Exercise aim —
Working from the records below, repeat exactly the lines starting at the line that contains "lam j * \sum_i" and ending at the line that contains "lam y - y i| ^+ 2.", inclusive.

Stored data
(* Let $X$ be a real Hilbert space, let $A\colon X\rightrightarrows X$ with $\operatorname{dom}A\ne\varnothing$, let $\rho\in\,]-1,+\infty[$, set $D=\operatorname{ran}(\mathrm{Id}+A)$, $T=J_A$ (i.e., $A=T^{-1}-\mathrm{Id}$), and $N=2(\rho+1)T-(2\rho+1)\mathrm{Id}$ (i.e., $T=\tfrac{2\rho+1}{2(\rho+1)}\mathrm{Id}+\tfrac{1}{2(\rho+1)}N$). Then: (i) $A$ is $\rho$-comonotone $\iff$ $N$ is nonexpansive. (ii) $A$ is maximally $\rho$-comonotone $\iff$ [$N$ is nonexpansive and $D=X$].
   Context: $J_A=(\mathrm{Id}+A)^{-1}$, defined on $D=\operatorname{ran}(\mathrm{Id}+A)$. An operator $N$ with domain $D$ is nonexpansive if it is single-valued and $\|Nx-Ny\|\le\|x-y\|$ for all $x,y\in D$. For $\rho\in\mathbb R$, $A$ is $\rho$-comonotone if $\langle x-y,u-v\rangle\ge\rho\|u-v\|^2$ for all $(x,u),(y,v)\in\operatorname{gra}A$; maximally $\rho$-comonotone if moreover no $\rho$-comonotone operator has a graph properly containing $\operatorname{gra}A$. *)

From HB Require Import structures.
From mathcomp Require Import all_boot all_order all_algebra.
From mathcomp Require Import all_classical all_reals topology normedtype.
Set Implicit Arguments. Unset Strict Implicit. Unset Printing Implicit Defensive.
Import Order.TTheory GRing.Theory Num.Theory.
Import numFieldNormedType.Exports.
Local Open Scope classical_set_scope.
Local Open Scope ring_scope.

(* ip is an inner product on the normed space X inducing its norm.
   A complete normed space with such an ip is a real Hilbert space. *)
Definition is_inner_product (R : realType) (X : normedModType R)
  (ip : X -> X -> R) : Prop :=
  [/\ (forall x y, ip x y = ip y x),
      (forall a x y z, ip (a *: x + y) z = a * ip x z + ip y z)
    & (forall x, ip x x = `|x| ^+ 2)].

Definition dom_op (X : Type) (A : X -> set X) : set X :=
  [set x | exists u, A x u].

Definition resolvent (R : realType) (X : normedModType R) (A : X -> set X)
  : X -> set X := fun y x => exists u, A x u /\ y = x + u.

(* ran (Id + A) = dom J_A *)
Definition ran_IdA (R : realType) (X : normedModType R) (A : X -> set X)
  : set X := dom_op (resolvent A).

Definition comonotone (R : realType) (X : normedModType R)
  (ip : X -> X -> R) (rho : R) (A : X -> set X) : Prop :=
  forall x u y v, A x u -> A y v -> rho * `|u - v| ^+ 2 <= ip (x - y) (u - v).

Definition max_comonotone (R : realType) (X : normedModType R)
  (ip : X -> X -> R) (rho : R) (A : X -> set X) : Prop :=
  comonotone ip rho A /\
  forall B : X -> set X, comonotone ip rho B ->
    (forall x u, A x u -> B x u) -> forall x u, B x u -> A x u.

Definition nonexpansive_on (R : realType) (X : normedModType R)
  (D : set X) (N : X -> set X) : Prop :=
  [/\ (forall y, D y <-> exists z, N y z),
      (forall y z1 z2, N y z1 -> N y z2 -> z1 = z2)
    & (forall x y zx zy, N x zx -> N y zy -> `|zx - zy| <= `|x - y|)].

Definition reflected_op (R : realType) (X : normedModType R) (rho : R)
  (A : X -> set X) : X -> set X :=
  fun y z => exists x, resolvent A y x /\
    z = (2 * (rho + 1)) *: x - (2 * rho + 1) *: y.

From HB Require Import structures.
From mathcomp Require Import all_boot all_order all_algebra.
From mathcomp Require Import all_classical all_reals topology normedtype.
From mathcomp Require Import ring lra.
Import Order.TTheory GRing.Theory Num.Theory.
Import numFieldNormedType.Exports.
Local Open Scope classical_set_scope.
Local Open Scope ring_scope.
Set Implicit Arguments. Unset Strict Implicit. Unset Printing Implicit Defensive.

(* Write a point (x, u) of gra A as y = x + u, so that N y = x - (2 rho + 1) u.
   Expanding the norms gives
     |y1 - y2|^2 - |N y1 - N y2|^2 = 4 (rho + 1) (<x1 - x2, u1 - u2> - rho |u1 - u2|^2),
   so rho-comonotonicity of A is nonexpansiveness of N, which is (i).  If moreover
   D = X, a pair of a comonotone extension of A has the same y as a pair of A, hence
   the same N y, hence is that pair: A is maximal.  Conversely, if A is maximal, the
   Kirszbraun-Valentine theorem provides for every p some q with |q - N y| <= |p - y|
   for all y in D; the pair with y = p and N y = q keeps A comonotone, so it is in A
   and p lies in D.
   The one-point extension holds for finitely many points up to any slack: the defect
   sum_i l_i (|sum_k l_k a_k - a_i|^2 - |p - y_i|^2) is nonpositive on the simplex,
   since the weighted pairwise distances of the a_i are dominated by those of the y_i,
   and the barycenter of a near-maximizing l is an approximate extension.  The sets of
   approximate extensions over finite subsets of D form a directed family of convex
   sets; by the parallelogram law the near-minimizers of the norm over this family form
   a Cauchy filter, whose limit lies in the closure of every member. *)

Section InnerProduct.
Variables (R : realType) (X : normedModType R) (ip : X -> X -> R).
Hypothesis ipP : is_inner_product ip.

Lemma ipC x y : ip x y = ip y x. Proof. by case: ipP. Qed.

Lemma ipxx x : ip x x = `|x| ^+ 2. Proof. by case: ipP. Qed.

Lemma ip_linear a x y z : ip (a *: x + y) z = a * ip x z + ip y z.
Proof. by case: ipP. Qed.

Lemma ip0l z : ip 0 z = 0.
Proof. by have := ip_linear 1 0 0 z; rewrite scaler0 addr0 mul1r => h; lra. Qed.

Lemma ipZl a x z : ip (a *: x) z = a * ip x z.
Proof. by rewrite -[a *: x]addr0 ip_linear ip0l addr0. Qed.

Lemma ipDl x y z : ip (x + y) z = ip x z + ip y z.
Proof. by rewrite -{1}[x]scale1r ip_linear mul1r. Qed.

Lemma ipZr a x z : ip z (a *: x) = a * ip z x.
Proof. by rewrite ipC ipZl ipC. Qed.

Lemma ipDr x y z : ip z (x + y) = ip z x + ip z y.
Proof. by rewrite ipC ipDl ipC [ip y z]ipC. Qed.

Lemma ip0r z : ip z 0 = 0.
Proof. by rewrite ipC ip0l. Qed.

Lemma ipNr x z : ip z (- x) = - ip z x.
Proof. by rewrite -scaleN1r ipZr mulN1r. Qed.

Lemma ip_sumr (I : Type) (r : seq I) (P : pred I) (F : I -> X) z :
  ip z (\sum_(i <- r | P i) F i) = \sum_(i <- r | P i) ip z (F i).
Proof. exact: (big_morph (ip z) (fun x y => ipDr x y z) (ip0r z)). Qed.

Lemma sqr_normD x y : `|x + y| ^+ 2 = `|x| ^+ 2 + 2 * ip x y + `|y| ^+ 2.
Proof. by rewrite -!ipxx ipDl !ipDr [ip y x]ipC; ring. Qed.

Lemma sqr_normB x y : `|x - y| ^+ 2 = `|x| ^+ 2 - 2 * ip x y + `|y| ^+ 2.
Proof. by rewrite sqr_normD ipNr normrN mulrN. Qed.

Lemma parallelogram (x y : X) :
  `|x + y| ^+ 2 + `|x - y| ^+ 2 = 2 * `|x| ^+ 2 + 2 * `|y| ^+ 2.
Proof. by rewrite sqr_normD sqr_normB; ring. Qed.

End InnerProduct.

Definition barycenter (R : pzRingType) (V : lmodType R) (I : finType)
  (lam : I -> R) (w : I -> V) : V := \sum_i lam i *: w i.

Definition simplex (R : numDomainType) (I : finType) (lam : I -> R) : Prop :=
  (forall i, 0 <= lam i) /\ \sum_i lam i = 1.

Section Barycenter.
Variables (R : realType) (X : normedModType R) (ip : X -> X -> R).
Hypothesis ipP : is_inner_product ip.
Variables (I : finType) (lam : I -> R).
Hypothesis lam_sum1 : \sum_i lam i = 1.

Lemma sum_scale_barycenter_dev (w : I -> X) :
  \sum_i lam i *: (barycenter lam w - w i) = 0.
Proof.
under eq_bigr do rewrite scalerBr.
by rewrite sumrB -scaler_suml lam_sum1 scale1r subrr.
Qed.

Lemma koenig_huygens (c : X) (w : I -> X) :
  \sum_i lam i * `|c - w i| ^+ 2 =
  `|c - barycenter lam w| ^+ 2 + \sum_i lam i * `|barycenter lam w - w i| ^+ 2.
Proof.
set b := barycenter lam w.
transitivity (\sum_i (lam i * `|c - b| ^+ 2
   + 2 * ip (c - b) (lam i *: (b - w i)) + lam i * `|b - w i| ^+ 2)).
  apply: eq_bigr => i _.
  by rewrite -[c - w i](subrKA b) (sqr_normD ipP) (ipZr ipP); ring.
rewrite !big_split /= -big_distrl -big_distrr -(ip_sumr ipP) /= lam_sum1.
by rewrite sum_scale_barycenter_dev (ip0r ipP) mulr0 addr0 mul1r.
Qed.

Lemma wsum_sqr_dist_pairs (w : I -> X) :
  \sum_j lam j * \sum_i lam i * `|w j - w i| ^+ 2 =
  2 * \sum_i lam i * `|barycenter lam w - w i| ^+ 2.
Proof.
under eq_bigr => j _ do rewrite koenig_huygens mulrDr distrC.
by rewrite big_split /= -big_distrl /= lam_sum1 mul1r; ring.
Qed.

End Barycenter.

Section TowardVertex.
Variables (R : comPzRingType) (I : finType).

Definition toward_vertex (lam : I -> R) (t : R) (j : I) : I -> R :=
  fun i => (1 - t) * lam i + t * (i == j)%:R.

Lemma sum_indicatorZ (V : lmodType R) (j : I) (w : I -> V) :
  \sum_i (i == j)%:R *: w i = w j.
Proof.
rewrite (bigD1 j) //= eqxx scale1r big1 ?addr0 // => i /negbTE ->.
by rewrite scale0r.
Qed.

Lemma barycenter_toward_vertex (V : lmodType R) lam t j (w : I -> V) :
  barycenter (toward_vertex lam t j) w = (1 - t) *: barycenter lam w + t *: w j.
Proof.
rewrite /barycenter /toward_vertex.
under eq_bigr do rewrite scalerDl -!scalerA.
by rewrite big_split /= -!scaler_sumr sum_indicatorZ.
Qed.

Lemma wsum_toward_vertex lam t j (G : I -> R) :
  \sum_i toward_vertex lam t j i * G i = (1 - t) * \sum_i lam i * G i + t * G j.
Proof. exact: (barycenter_toward_vertex (V := R^o)). Qed.

End TowardVertex.

Lemma simplex_toward_vertex (R : numDomainType) (I : finType) (lam : I -> R) t j :
  simplex lam -> 0 <= t <= 1 -> simplex (toward_vertex lam t j).
Proof.
move=> [lam_ge0 lam_sum1] /andP[t_ge0 t_le1]; split.
  by move=> i; apply: addr_ge0; apply: mulr_ge0; rewrite ?subr_ge0.
rewrite /toward_vertex big_split /= -!big_distrr /= lam_sum1 mulr1.
by rewrite (bigD1 j) //= eqxx big1 ?addr0 ?mulr1 ?subrK // => i /negbTE ->.
Qed.

Section FiniteExtension.
Variables (R : realType) (X : normedModType R) (ip : X -> X -> R).
Hypothesis ipP : is_inner_product ip.
Variables (I : finType) (y a : I -> X) (p : X).
Hypothesis a_nonexpansive : forall i j, `|a i - a j| <= `|y i - y j|.

Definition defect (lam : I -> R) : R :=
  \sum_i lam i * (`|barycenter lam a - a i| ^+ 2 - `|p - y i| ^+ 2).

Lemma defect_le0 lam : simplex lam -> defect lam <= 0.
Proof.
move=> [lam_ge0 lam_sum1].
have spread_a_le_y : \sum_i lam i * `|barycenter lam a - a i| ^+ 2 <=
                     \sum_i lam i * `|barycenter lam y - y i| ^+ 2.
  rewrite -(ler_pM2l (_ : 0 < 2)) // -!(wsum_sqr_dist_pairs ipP lam_sum1).
  apply: ler_sum => j _; apply: ler_wpM2l => //.
  apply: ler_sum => i _; apply: ler_wpM2l => //.
  by rewrite ler_sqr ?nnegrE.
rewrite /defect; under eq_bigr do rewrite mulrBr.
rewrite sumrB (koenig_huygens ipP lam_sum1 p y).
have := sqr_ge0 `|p - barycenter lam y|; lra.
Qed.

Lemma defect_toward_vertex lam t j : \sum_i lam i = 1 ->
  defect (toward_vertex lam t j) = (1 - t) * defect lam
    + t * ((1 - t) * `|barycenter lam a - a j| ^+ 2 - `|p - y j| ^+ 2).
Proof.
move=> lam_sum1; rewrite /defect wsum_toward_vertex barycenter_toward_vertex.
set b := barycenter lam a; set bt := (1 - t) *: b + t *: a j.
have -> : \sum_i lam i * (`|bt - a i| ^+ 2 - `|p - y i| ^+ 2) =
          `|bt - b| ^+ 2 + defect lam.
  rewrite /defect; under eq_bigr do rewrite mulrBr.
  under [in RHS]eq_bigr do rewrite mulrBr.
  by rewrite !sumrB (koenig_huygens ipP lam_sum1) addrA.
have -> : bt - b = t *: (a j - b).
  by rewrite /bt scalerBl scale1r scalerBr addrC addrA addKr addrC.
have -> : bt - a j = (1 - t) *: (b - a j).
  by rewrite /bt scalerBr (scalerBl 1 t (a j)) scale1r opprB addrA.
rewrite /defect !normrZ !exprMn !real_normK ?num_real // distrC; ring.
Qed.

Solution for this task —
  \sum_j lam j * \sum_i lam i * `|w j - w i| ^+ 2 =
  2 * \sum_i lam i * `|barycenter lam w - w i| ^+ 2.
Proof.
under eq_bigr => j _ do rewrite koenig_huygens mulrDr distrC.
by rewrite big_split /= -big_distrl /= lam_sum1 mul1r; ring.
Qed.

End Barycenter.

Section TowardVertex.
Variables (R : comPzRingType) (I : finType).

Definition toward_vertex (lam : I -> R) (t : R) (j : I) : I -> R :=
  fun i => (1 - t) * lam i + t * (i == j)%:R.

Lemma sum_indicatorZ (V : lmodType R) (j : I) (w : I -> V) :
  \sum_i (i == j)%:R *: w i = w j.
Proof.
rewrite (bigD1 j) //= eqxx scale1r big1 ?addr0 // => i /negbTE ->.
by rewrite scale0r.
Qed.

Lemma barycenter_toward_vertex (V : lmodType R) lam t j (w : I -> V) :
  barycenter (toward_vertex lam t j) w = (1 - t) *: barycenter lam w + t *: w j.
Proof.
rewrite /barycenter /toward_vertex.
under eq_bigr do rewrite scalerDl -!scalerA.
by rewrite big_split /= -!scaler_sumr sum_indicatorZ.
Qed.

Lemma wsum_toward_vertex lam t j (G : I -> R) :
  \sum_i toward_vertex lam t j i * G i = (1 - t) * \sum_i lam i * G i + t * G j.
Proof. exact: (barycenter_toward_vertex (V := R^o)). Qed.

End TowardVertex.

Lemma simplex_toward_vertex (R : numDomainType) (I : finType) (lam : I -> R) t j :
  simplex lam -> 0 <= t <= 1 -> simplex (toward_vertex lam t j).
Proof.
move=> [lam_ge0 lam_sum1] /andP[t_ge0 t_le1]; split.
  by move=> i; apply: addr_ge0; apply: mulr_ge0; rewrite ?subr_ge0.
rewrite /toward_vertex big_split /= -!big_distrr /= lam_sum1 mulr1.
by rewrite (bigD1 j) //= eqxx big1 ?addr0 ?mulr1 ?subrK // => i /negbTE ->.
Qed.

Section FiniteExtension.
Variables (R : realType) (X : normedModType R) (ip : X -> X -> R).
Hypothesis ipP : is_inner_product ip.
Variables (I : finType) (y a : I -> X) (p : X).
Hypothesis a_nonexpansive : forall i j, `|a i - a j| <= `|y i - y j|.

Definition defect (lam : I -> R) : R :=
  \sum_i lam i * (`|barycenter lam a - a i| ^+ 2 - `|p - y i| ^+ 2).

Lemma defect_le0 lam : simplex lam -> defect lam <= 0.
Proof.
move=> [lam_ge0 lam_sum1].
have spread_a_le_y : \sum_i lam i * `|barycenter lam a - a i| ^+ 2 <=
                     \sum_i lam i * `|barycenter lam y - y i| ^+ 2.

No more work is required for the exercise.